Quote Originally Posted by Throbert McGee View Post
When I took Russian waaay back in college, they made us write in cursive Cyrillic all the time, and this is absolutely essential to learn and practice, even if you rarely use cursive longhead when writing in English. I just wish I had learned Cyrillic touch-typing at the same early stage! I totally recommend getting in some practice with both cursive and touch-typing early in your Russian studies.
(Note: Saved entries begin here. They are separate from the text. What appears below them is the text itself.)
Definition is_complex (C : addCat) (X : precomplex C) : Prop :=
  forall n : int, mcomp (cdiff X (n + 1)) (cdiff X n) = 0.

Definition is_chain_map (C : addCat) (X Y : precomplex C)
  (m : forall n, Mor C (cobj X n) (cobj Y n)) : Prop :=
  forall n : int, mcomp (cdiff Y n) (m n) = mcomp (m (n + 1)) (cdiff X n).

Definition complex_iso (C : addCat) (X Y : precomplex C) : Prop :=
  exists (u : forall n, Mor C (cobj X n) (cobj Y n))
         (v : forall n, Mor C (cobj Y n) (cobj X n)),
    [/\ is_chain_map u, is_chain_map v,
        forall n, mcomp (v n) (u n) = idm (cobj X n)
      & forall n, mcomp (u n) (v n) = idm (cobj Y n)].

Definition Fcomplex (C : addCat) (F : addFunctor C) (X : precomplex C) :
  precomplex C :=
  @Precomplex C (fun n => FO F (cobj X n)) (fun n => FM F (cdiff X n)).

Definition barcomplex (C : addCat) (b : addInvolution C) (X : precomplex C) :
  precomplex C :=
  @Precomplex C (cobj X) (fun n => bar b (cdiff X n)).

Definition eps_at (C : addCat) (A B : Obj C) (k : int) (h : Mor C A B) :
  Mor C A B := if odd `|k|%N then - h else h.

(* Cone(g) = X[-1] (+) Y, with X[-1]^n = X^(n+1), and differential
   [[d_X, 0], [g eps_X, d_Y]], eps_X taken in the degree of X. *)
Definition cone (C : addCat) (X Y : precomplex C)
  (g : forall n, Mor C (cobj X n) (cobj Y n)) : precomplex C :=
  @Precomplex C (fun n => bip C (cobj X (n + 1)) (cobj Y n))
   (fun n =>
      mcomp (bip_inl _ _) (mcomp (cdiff X (n + 1)) (bip_pl _ _))
    + mcomp (bip_inr _ _) (mcomp (eps_at (n + 1) (g (n + 1))) (bip_pl _ _))
    + mcomp (bip_inr _ _) (mcomp (cdiff Y n) (bip_pr _ _))).

(* The isomorphism is a shear. Writing the cone differentials as block
   matrices [[F d, 0], [eps f, G d]] and [[F dbar, 0], [eps f, G dbar]], the
   map [[1, a_n], [0, 1]] with a_n = eps_(n+1) (del d_n) intertwines them:
   condition (2) turns F dbar and G dbar into F d - del d f and G d - f del d,
   which matches the diagonal blocks, and condition (3) applied to d d = 0
   gives del d G d + F dbar del d = 0, which matches the off-diagonal block. *)
From Pilot Require Import Defs.
From mathcomp Require Import all_boot all_algebra.
Set Implicit Arguments. Unset Strict Implicit. Unset Printing Implicit Defensive.
Import GRing.Theory.
Local Open Scope ring_scope.

Lemma odd_absz_add1 (n : int) : odd `|(n + 1)%R|%N = ~~ odd `|n|%N.
Proof.
case: n => [m|m]; first by rewrite -PoszD absz_nat addn1.
rewrite NegzE; case: m => [|m] //.
by rewrite -[m.+2]addn1 PoszD opprD addrNK !abszN !absz_nat /= addn0 negbK.
Qed.

Section AddCatTheory.
Variable C : addCat.
Implicit Types A B D : Obj C.

Lemma comp0r A B D (g : Mor C B D) : mcomp g (0 : Mor C A B) = 0.
Proof. by have := compBr g (0 : Mor C A B) 0; rewrite subrr => ->; rewrite subrr. Qed.

Lemma comp0l A B D (f : Mor C A B) : mcomp (0 : Mor C B D) f = 0.
Proof. by have := compBl (0 : Mor C B D) 0 f; rewrite subrr => ->; rewrite subrr. Qed.

Lemma compNr A B D (g : Mor C B D) (f : Mor C A B) : mcomp g (- f) = - mcomp g f.
Proof. by rewrite -sub0r compBr comp0r sub0r. Qed.

Lemma compNl A B D (g : Mor C B D) (f : Mor C A B) : mcomp (- g) f = - mcomp g f.
Proof. by rewrite -sub0r compBl comp0l sub0r. Qed.

Lemma compDr A B D (g : Mor C B D) (f f' : Mor C A B) :
  mcomp g (f + f') = mcomp g f + mcomp g f'.
Proof. by have := compBr g f (- f'); rewrite opprK => ->; rewrite compNr opprK. Qed.

Lemma compDl A B D (g g' : Mor C B D) (f : Mor C A B) :
  mcomp (g + g') f = mcomp g f + mcomp g' f.
Proof. by have := compBl g (- g') f; rewrite opprK => ->; rewrite compNl opprK. Qed.

(* Block matrices between biproducts: [bmx p q r s] is [[p, q], [r, s]]. *)
Definition bmx A B A' B' (p : Mor C A A') (q : Mor C B A') (r : Mor C A B')
    (s : Mor C B B') : Mor C (bip C A B) (bip C A' B') :=
  mcomp (bip_inl _ _) (mcomp p (bip_pl _ _))
  + mcomp (bip_inl _ _) (mcomp q (bip_pr _ _))
  + mcomp (bip_inr _ _) (mcomp r (bip_pl _ _))
  + mcomp (bip_inr _ _) (mcomp s (bip_pr _ _)).

Variables (A B A' B' : Obj C).
Variables (p : Mor C A A') (q : Mor C B A') (r : Mor C A B') (s : Mor C B B').

Lemma pl_bmx : mcomp (bip_pl _ _) (bmx p q r s) =
  mcomp p (bip_pl _ _) + mcomp q (bip_pr _ _).
Proof.
by rewrite !compDr !Defs.compA bip_plinl bip_plinr !comp1m !comp0l !addr0.
Qed.

Lemma pr_bmx : mcomp (bip_pr _ _) (bmx p q r s) =
  mcomp r (bip_pl _ _) + mcomp s (bip_pr _ _).
Proof.
by rewrite !compDr !Defs.compA bip_prinl bip_prinr !comp1m !comp0l !add0r.
Qed.

Lemma bmx_inl : mcomp (bmx p q r s) (bip_inl _ _) =
  mcomp (bip_inl _ _) p + mcomp (bip_inr _ _) r.
Proof.
rewrite !compDl -!Defs.compA bip_plinl bip_prinl !compm1 !comp0r.
by rewrite !addr0.
Qed.

Lemma bmx_inr : mcomp (bmx p q r s) (bip_inr _ _) =
  mcomp (bip_inl _ _) q + mcomp (bip_inr _ _) s.
Proof.
rewrite !compDl -!Defs.compA bip_plinr bip_prinr !compm1 !comp0r.
by rewrite addr0 add0r.
Qed.

Lemma bmx_eta (h : Mor C (bip C A B) (bip C A' B')) :
  h = bmx (mcomp (bip_pl _ _) (mcomp h (bip_inl _ _)))
          (mcomp (bip_pl _ _) (mcomp h (bip_inr _ _)))
          (mcomp (bip_pr _ _) (mcomp h (bip_inl _ _)))
          (mcomp (bip_pr _ _) (mcomp h (bip_inr _ _))).
Proof.
have {1}-> : h = mcomp (idm _) (mcomp h (idm _)) by rewrite comp1m compm1.
rewrite -{1}(bip_sum A B) -(bip_sum A' B') !compDr !compDl.
by rewrite /bmx -!Defs.compA addrACA addrA.
Qed.

Lemma bmx1 : bmx (idm A) 0 0 (idm B) = idm (bip C A B).
Proof. by rewrite /bmx !comp0l !comp0r !addr0 !comp1m bip_sum. Qed.

End AddCatTheory.

Section BlockMatrices.
Variable C : addCat.
Variables (A B A' B' A'' B'' : Obj C).

Lemma bmx_mul (p : Mor C A' A'') (q : Mor C B' A'') (r : Mor C A' B'')
    (s : Mor C B' B'') (p' : Mor C A A') (q' : Mor C B A') (r' : Mor C A B')
    (s' : Mor C B B') :
  mcomp (bmx p q r s) (bmx p' q' r' s') =
  bmx (mcomp p p' + mcomp q r') (mcomp p q' + mcomp q s')
      (mcomp r p' + mcomp s r') (mcomp r q' + mcomp s s').
Proof.
rewrite [LHS]bmx_eta -!Defs.compA bmx_inl bmx_inr !Defs.compA pl_bmx pr_bmx.
rewrite !compDr !compDl -!Defs.compA !(Defs.compA (bip_pl _ _)).
rewrite !(Defs.compA (bip_pr _ _)) bip_plinl bip_plinr bip_prinl bip_prinr.
by rewrite !comp1m !comp0l !comp0r !addr0 !add0r.
Qed.

End BlockMatrices.

Section Shear.
Variables (C : addCat) (A B : Obj C).

Definition shear (a : Mor C B A) : Mor C (bip C A B) (bip C A B) :=
  bmx (idm A) a 0 (idm B).

Lemma shear_mul (a a' : Mor C B A) : mcomp (shear a) (shear a') = shear (a + a').
Proof.
by rewrite /shear bmx_mul !comp1m !compm1 !comp0l !comp0r !addr0 !add0r addrC.
Qed.

Lemma shearN_mul (a : Mor C B A) : mcomp (shear (- a)) (shear a) = idm _.
Proof. by rewrite shear_mul addNr; apply: bmx1. Qed.

Lemma shear_mulN (a : Mor C B A) : mcomp (shear a) (shear (- a)) = idm _.
Proof. by rewrite shear_mul addrN; apply: bmx1. Qed.

End Shear.

Section Sign.
Variable C : addCat.
Variables (A B D : Obj C) (k : int).

Lemma eps_atN (h : Mor C A B) : eps_at k (- h) = - eps_at k h.
Proof. by rewrite /eps_at; case: (odd _). Qed.

Lemma eps_at_add1 (h : Mor C A B) : eps_at (k + 1) h = - eps_at k h.
Proof. by rewrite /eps_at odd_absz_add1; case: (odd _); rewrite ?opprK. Qed.

Lemma eps_atK (h : Mor C A B) : eps_at k (eps_at k h) = h.
Proof. by rewrite /eps_at; case: (odd _); rewrite ?opprK. Qed.

Lemma comp_eps_atl (g : Mor C B D) (h : Mor C A B) :
  mcomp (eps_at k g) h = eps_at k (mcomp g h).
Proof. by rewrite /eps_at; case: (odd _); rewrite ?compNl. Qed.

Lemma comp_eps_atr (g : Mor C B D) (h : Mor C A B) :
  mcomp g (eps_at k h) = eps_at k (mcomp g h).
Proof. by rewrite /eps_at; case: (odd _); rewrite ?compNr. Qed.

End Sign.

Lemma cdiff_coneE (C : addCat) (X Y : precomplex C)
    (g : forall n, Mor C (cobj X n) (cobj Y n)) (n : int) :
  cdiff (cone g) n =
  bmx (cdiff X (n + 1)) 0 (eps_at (n + 1) (g (n + 1))) (cdiff Y n).
Proof. by rewrite /bmx comp0l comp0r addr0. Qed.

Lemma chain_map_inverse (C : addCat) (X Y : precomplex C)
    (u : forall n, Mor C (cobj X n) (cobj Y n))
    (v : forall n, Mor C (cobj Y n) (cobj X n)) :
  is_chain_map u -> (forall n, mcomp (v n) (u n) = idm _) ->
  (forall n, mcomp (u n) (v n) = idm _) -> is_chain_map v.
Proof.
move=> u_chain vu uv n.
rewrite -[LHS]comp1m -(vu (n + 1)) -Defs.compA (Defs.compA (u _)) -u_chain.
by rewrite -Defs.compA uv compm1.
Qed.

Lemma complex_iso_of_inverse (C : addCat) (X Y : precomplex C)
    (u : forall n, Mor C (cobj X n) (cobj Y n))
    (v : forall n, Mor C (cobj Y n) (cobj X n)) :
  is_chain_map u -> (forall n, mcomp (v n) (u n) = idm _) ->
  (forall n, mcomp (u n) (v n) = idm _) -> complex_iso X Y.
Proof.
move=> u_chain vu uv; exists u, v; split=> //.
exact: chain_map_inverse u_chain vu uv.
Qed.

Section ConeShear.
Variables (C : addCat) (F G : addFunctor C) (b : addInvolution C).
Variable f : forall A : Obj C, Mor C (FO F A) (FO G A).
Variable dd : forall A B : Obj C, Mor C A B -> Mor C (FO G A) (FO F B).
Arguments f : clear implicits.
Hypothesis dd_lin : forall (A B : Obj C) (phi psi : Mor C A B),
  dd (phi - psi) = dd phi - dd psi.
Hypothesis dd_G : forall (A B : Obj C) (phi : Mor C A B),
  FM G (phi - bar b phi) = mcomp (f B) (dd phi).
Hypothesis dd_F : forall (A B : Obj C) (phi : Mor C A B),
  FM F (phi - bar b phi) = mcomp (dd phi) (f A).
Hypothesis dd_comp : forall (A B D : Obj C) (phi : Mor C A B) (psi : Mor C B D),
  dd (mcomp psi phi)
  = mcomp (dd psi) (FM G phi) + mcomp (FM F (bar b psi)) (dd phi).
Variable X : precomplex C.
Hypothesis HX : is_complex X.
P.S. Just for fun, did you know that the Я actually started out as a ligature of Iota + Alpha, to represent the vowel combination "ia"? One of the historical intermediate forms looked kind of like a very, very "manly" letter A, if you get my drift, with the Iota hanging down between the two legs of the Alpha:
Ѧ

That's how it would've been chiseled into wood or stone. But with brush and ink, it was written like this:



If you squint at it, you can see how that was later standardized into the modern Я form. And there a few other letters in the modern alphabet (Ы, Ю, and maybe Ж) that originated as two older letters combined in a ligature -- just in case you were wondering how they came up with these forms. Throw in a couple Hebrew letters -- namely ש (shin) and צ (tsadi), which were respectively borrowed and modified to create Ш, Щ, Ц, Ч -- and you've got the whole Russian Cyrillic alphabet.
LOL about the "manly" letter A! But yeah, that really adds up now so thanks for the heads up about that!
I do a lot of cursive handwriting in Russian and it's getting easier. It gets kinda confusing sometimes when "И", "Ш", and "Л" are together but that will probably be easier to deal with as my vocabulary expands. I got side-tracked by Russian culture and history but now I'm back to learning the language, yay! And my Russian vocabulary (of memorized words and dialogue) is expanding really fast!

@ Specter.
Yeah, I've been seeing a lot of Greek/Latin symbols in maths at school and I'll probably see tons more when I get enrolled at a university. It's really interesting stuff!